Last modified: 2024-02-08

Data Processing Machine Learning

In attack perspective for machine learning, we manipulate dataset values to unexpected ones. This may destroy the performance of ML models by inserting inappropriate (or nonsense) values. However, to achieve this, we need permission to access the training dataset.

Prepare Dataset

Before manipulation, load dataset as DataFrame as Pandas.

import pandas as pd

df = pd.read_csv('example.csv', index_col=0)

Data Analysis

Before attacking, need to investigate the dataset and find the points where we can manipulate and fool models and people.

# Information
df.info()

# Print descriptive statistics
df.describe()

# Dimensionality
df.shape

# Data types
df.dtypes

# Correlation of Columns
df.corr

# Histgram
df.hist()

Access Values

# The first 5 rows
df.head()
df.iloc[:5]
df.iloc[:5].values # as NumPy
# The first 10 rows
df.head(10)
df.iloc[:10]
df.iloc[:10].values # as NumPy
# The first 100 rows
df.head(100)
df.iloc[:100]
df.iloc[:100].values # as NumPy

# The last 5 rows
df.tail()
df.iloc[-5:]
df.iloc[-5:].values # as NumPy
# The last 10 rows
df.tail(10)
df.iloc[-10:]
df.iloc[-10:].values # as NumPy
# The last 100 rows
df.tail(100)
df.iloc[-100:]
df.iloc[-100:].values # as NumPy

# The first row
df.iloc[0]
df.iloc[[0]]
# The 1st and the 2nd rows
df.iloc[[0, 1]]
# From the 3rd row to the 8th row
df.iloc[2:8]

# The last row and all columns
df.iloc[-1:, :]

# All rows and first column
df.iloc[:, 0]

# Exclude the last row and all columns
df.iloc[:-1, :]
# Exclude the last column and all rows
df.iloc[:, :-1]

# Rows where 'Sex' is 'male'
df.loc[df['Sex'] == 'male']
# Rows where 'Age' is 18 or more
df.loc[df['Age'] >= 18]
# Rows where 'Name' contains 'Emily'
df.loc[df['Name'].str.contains('Emily')]
# Rows where 'Hobby' is 'Swimming' AND 'Age' is over 25
df.loc[df['Hobby'] == 'Swimming' & (df['Age'] > 25)]
# Rows where 'Hobby' is 'Swimming' AND 'Age' is over 25 AND 'Age' is NOT 30
df.loc[df['Hobby'] == 'Swimming' & (df['Age'] > 25) & ~(df['Age'] == 30)]

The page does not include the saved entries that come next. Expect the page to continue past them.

Lemma untriple_surj k n m : exists L, k <= L /\ untriple L = (k, n, m).
Proof.
  exists (Cantor.to_nat (k, Cantor.to_nat (n, m))). split.
  - pose proof (Cantor.to_nat_non_decreasing k (Cantor.to_nat (n, m))); lia.
  - unfold untriple. rewrite Cantor.cancel_of_to; cbn [fst snd].
    rewrite Cantor.cancel_of_to. reflexivity.
Qed.

Section ProductPlay.
Variables (X Y : Type) (opX : set X -> Prop) (opY : set Y -> Prop)
  (tX : is_topology opX) (tY : is_topology opY) (hX : baire opX)
  (B : Y -> nat -> set Y) (D : nat -> set (X * Y)).
Hypotheses (B_open : forall y n, opY (B y n)) (B_center : forall y n, B y n y)
  (B_base : forall y U, opY U -> U y -> exists n, forall z, B y n z -> U z)
  (D_open : forall n, prod_open opX opY (D n))
  (D_dense : forall n, dense (prod_open opX opY) (D n)).

(* A state is an open set of X together with the points of Y chosen so far;
   move [L] treats the triple (k, n, m) coded by [L]: the new point y_(L+1) is put
   in B (y_k) m and the open set is shrunk until its slice at y_(L+1) lies in D n. *)
Definition play_step (L : nat) (s s' : set X * (nat -> Y)) : Prop :=
  let '(k, n, m) := untriple L in
  (forall j, j <= L -> snd s' j = snd s j) /\
  B (snd s k) m (snd s' (S L)) /\
  forall x, fst s' x -> D n (x, snd s' (S L)).

Lemma play_step_refines L s G : opX G -> (exists x, G x) ->
  exists s', play_step L s s' /\ opX (fst s') /\ (exists x, fst s' x) /\
             (forall x, fst s' x -> G x).
Proof.
  intros oG [g Gg]. unfold play_step. destruct (untriple L) as [[k n] m].
  set (yk := snd s k).
  destruct (D_dense n (fun q => G (fst q) /\ B yk m (snd q))
              (prod_open_rect opX opY oG (B_open yk m))
              (ex_intro _ (g, yk) (conj Gg (B_center yk m))))
    as [[a b] [[Ga Bb] Dab]].
  destruct (D_open n (a, b) Dab) as [U [V [oU [_ [Ua [Vb UVD]]]]]].
  exists (fun x => G x /\ U x, fun j => if Nat.eqb j (S L) then b else snd s j).
  simpl; rewrite Nat.eqb_refl. repeat split.
  - intros j jL. destruct (Nat.eqb_spec j (S L)); [lia|reflexivity].
  - exact Bb.
  - intros x [_ Ux]; apply (UVD (x, b)); assumption.
  - apply open_inter; assumption.
  - exists a; split; assumption.
  - intros x [Gx _]; exact Gx.
Qed.

Lemma play_exists (U0 : set X) (y0 : Y) : opX U0 -> (exists x, U0 x) ->
  exists x (ys : nat -> Y), U0 x /\ ys 0 = y0 /\
    forall k n m, exists L, B (ys k) m (ys (S L)) /\ D n (x, ys (S L)).
Proof.
  intros oU0 neU0.
  destruct (baire_play X _ opX tX hX fst play_step (U0, fun _ => y0) oU0 neU0
              (fun L s G oG neG _ => play_step_refines L s G oG neG))
    as [x [sq [sq0 [sqstep sqx]]]].
  set (ys := fun j => snd (sq j) j).
  assert (settled : forall L j, j <= L -> snd (sq L) j = ys j).
  { induction L as [|L IH]; intros j jL.
    - replace j with 0 by lia; reflexivity.
    - destruct (Nat.eq_dec j (S L)) as [->|njL]; [reflexivity|].
      pose proof (sqstep L) as stepL; unfold play_step in stepL.
      destruct (untriple L) as [[k n] m].
      rewrite (proj1 stepL j ltac:(lia)). apply IH; lia. }
  exists x, ys. split; [generalize (sqx 0); rewrite sq0; auto|].
  split; [unfold ys; rewrite sq0; reflexivity|].
  intros k n m. destruct (untriple_surj k n m) as [L [kL EL]].
  pose proof (sqstep L) as stepL; unfold play_step in stepL; rewrite EL in stepL.
  destruct stepL as [_ [Bk Dn]]. exists L.
  rewrite (settled L k kL) in Bk. split; [exact Bk|]. exact (Dn x (sqx (S L))).
Qed.

Lemma slice_open_dense_in_closure (x : X) (ys : nat -> Y) :
  (forall k n m, exists L, B (ys k) m (ys (S L)) /\ D n (x, ys (S L))) ->
  forall n,
    let F := closure opY (fun y => exists j, ys j = y) in
    subspace_open opY F (fun z => D n (x, proj1_sig z)) /\
    dense (subspace_open opY F) (fun z => D n (x, proj1_sig z)).
Proof.
  intros hits n F; subst F. split.
  - exists (fun y => D n (x, y)). split; [exact (prod_open_slice opX opY tY _ x (D_open n))|].
    intro z; reflexivity.
  - apply (dense_in_closure opY _ (fun y => D n (x, y))). intros U oU [_ [[k <-] Uyk]].
    destruct (B_base (ys k) U oU Uyk) as [m BU].
    destruct (hits k n m) as [L [Bk Dn]].
    exists (ys (S L)); repeat split; [exists (S L); reflexivity|apply BU; exact Bk|exact Dn].
Qed.

End ProductPlay.

Theorem corollary3p3 (X Y : Type) (opX : set X -> Prop) (opY : set Y -> Prop)
  (tX : is_topology opX) (tY : is_topology opY)
  (hX : baire opX)
  (hY1 : first_countable opY) (hY2 : hereditarily_baire opY) (hY3 : R0_space opY) :
  baire (prod_open opX opY).
Proof.
  destruct (choice _ hY1) as [B HB].
  assert (B_open : forall y n, opY (B y n)) by (intros y n; apply (proj1 (HB y) n)).
  assert (B_center : forall y n, B y n y) by (intros y n; apply (proj1 (HB y) n)).
  intros D HD W oW [p Wp].
  destruct (oW p Wp) as [U0 [V0 [oU0 [oV0 [U0p [V0p UV0W]]]]]].
  destruct (play_exists X Y opX opY tX hX B D B_open B_center
              (fun n => proj1 (HD n)) (fun n => proj2 (HD n)) U0 (snd p) oU0
              (ex_intro _ _ U0p)) as [x [ys [U0x [ys0 hits]]]].
  set (F := closure opY (fun y => exists j, ys j = y)).
  assert (Fys0 : F (ys 0)) by (apply subset_closure; exists 0; reflexivity).
  destruct (hY2 F (closed_closure opY tY _) (ex_intro _ _ Fys0) _
              (slice_open_dense_in_closure X Y opX opY tY B D (fun y => proj2 (HB y))
                 (fun n => proj1 (HD n)) x ys hits)
              (fun z => V0 (proj1_sig z))) as [[y Fy] [V0y Dxy]].
  - exists V0; split; [exact oV0|]; intro z; reflexivity.
  - exists (exist _ (ys 0) Fys0); simpl; rewrite ys0; exact V0p.
  - exists (x, y); split; [apply UV0W; assumption|exact Dxy].
Qed.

# Count for each column or row
df.count()
# Count occurrences grouped by specific column
df.groupby(['ColumnName']).size()
df['ColumnName'].value_counts()

Attacks

After analyzing data, we're ready to attack this.

Value Overriding

Override the values to abnormal or unexpected values.

# Set 'Adult' to 0 for rows where 'Age' is 18 or higher
df.loc[df['Age'] >= 18, 'Adult'] = 0
# Set 'Adult' to 1 for rows where 'Age' is lower than 18
df.loc[df['Age'] < 18, 'Adult'] = 1

# Set 'Score' to -1 for all rows
df.iloc[:, 'Score'] = -1
# Set 'Score' to 100 for the last 10 rows
df.loc[df.index[-2:], 'Score'] = 100

# Set John's score to 0 (...attacker may have a grudge against John)
df.iloc[df['Name'] == 'John', 'Score'] = 0

# Replace unexpected values
df["Gender"] = df["Gender"].replace("male", 0)
df["Gender"] = df["Gender"].replace("female", -77)

Filling Missing (NaN) Values with Inappropriate Methods

Typically, NaN values are filled with the mean of the values. However in attack perspective, other methods can be used e.g. max() or min().

# Fill with the maximum score
df["Income"] = df["Income"].fillna(df["Income"].max())
# Fill with the minimum score
df["Income"] = df["Income"].fillna(df["Income"].min())

Another Dataset Integration

Integrating another dataset values, it may fool ML models with fake values.
For example, the following fake_scores.csv contains fake scores for each person. This changes all original scores to fake scores by creating a new DataFrame which is integrated this fake dataset.

fake_scores_df = pd.read_csv('fake_scores.csv')
new_df = pd.DataFrame({ 'Name': df['Name'].values, 'Score': fake_scores_df['Score'].values })

Required Columns Removing

Remove columns which are required to train model. This is blatant and may be not useful, but write it down just in case.

# axis=1: columns
df.drop(["Age", "Score"], axis=1)